In order to understand how the catalyst changes acidity during the steaming and the potential benefits of catalyst formulation over stability, we submitted pristine ZSM-5/23, FAU/30 and kaolin to steaming conditions similar to those applied to the shaped catalyst. The individual TPD profiles for the six samples are shown in Fig. 1(b), while the quantified amount of acid sites per sample is summarized in Table 5. Kaolin clay has an almost negligible amount of acid sites. The fresh calcined FAU/30 and ZSM-5/23 samples have a total acid site concentration of 0.243 and 0.296 mmol g⁻¹, respectively.

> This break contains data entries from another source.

Theorem lemma4 (n k l a b : nat) :
  (0 < n)%N ->
  (k <= l)%N -> (l < size (farey n))%N ->
  (a, b) \in farey n ->
  (frac_val (nth (0, 1) (farey n) k) <= frac_val (a, b))%R ->
  (frac_val (a, b) <= frac_val (nth (0, 1) (farey n) l))%R ->
  ((l - k)%:R <= (n + b + 1)%:R / (2 * b)%:R :> rat)%R ->
  (0 <= ((nth (0, 1) (farey n) l).1%:Z - (nth (0, 1) (farey n) k).1%:Z)
        * ((nth (0, 1) (farey n) l).2%:Z - (nth (0, 1) (farey n) k).2%:Z))%R.
Proof.
move=> _ kl ls abF le_k le_l; have b0 := farey_den_gt0 abF.
rewrite ler_nat_div ?muln_gt0 // => bound.
have ks := leq_ltn_trans kl ls.
have [kF lF] := (mem_nth (0, 1) ks, mem_nth (0, 1) ls).
set i := index (a, b) (farey n).
have ki : k <= i.
  rewrite -[k](index_uniq (0, 1) ks (farey_uniq n)) farey_index_le //.
  by rewrite -frac_val_le // (farey_den_gt0 kF).
have il : i <= l.
  rewrite -[l](index_uniq (0, 1) ls (farey_uniq n)) farey_index_le //.
  by rewrite -frac_val_le // (farey_den_gt0 lF).
have bound_k : 2 * b * (i - k) <= n + b + 1.
  by rewrite (leq_trans _ bound) // leq_mul2l leq_sub2r ?orbT.
have bound_l : 2 * b * (l - i) <= n + b + 1.
  by rewrite (leq_trans _ bound) // leq_mul2l leq_sub2l ?orbT.
suff : similarly_ordered (nth (0, 1) (farey n) k) (nth (0, 1) (farey n) l) by [].
have [kF0 lF0] := (farey_den_gt0 kF, farey_den_gt0 lF).
have [-> | adj_k] := farey_adj_left abF ki bound_k;
have [-> | adj_l] := farey_adj_right abF (introT andP (conj il ls)) bound_l.
- exact: similarly_ordered_le.
- exact: frac_adj_similarly_ordered.
- exact: frac_adj_similarly_ordered.
- exact: frac_adj2_similarly_ordered (farey_num_le lF) adj_k adj_l.
Qed.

After hydrothermal steaming at 810 °C, the acidity was drastically decreased to a 12% and 30% of the initial value for FAU/30@810 and ZSM-5/23@810 respectively, according to NH₃ TPD. Pyridine IR analysis further demonstrates that the amount of BAS and LAS decreases considerably (Table 5). In case of ZSM-5/23, BAS concentration decreased by factor of 2 and LAS by ∼5, indicating that ZSM-5/23 is more stable.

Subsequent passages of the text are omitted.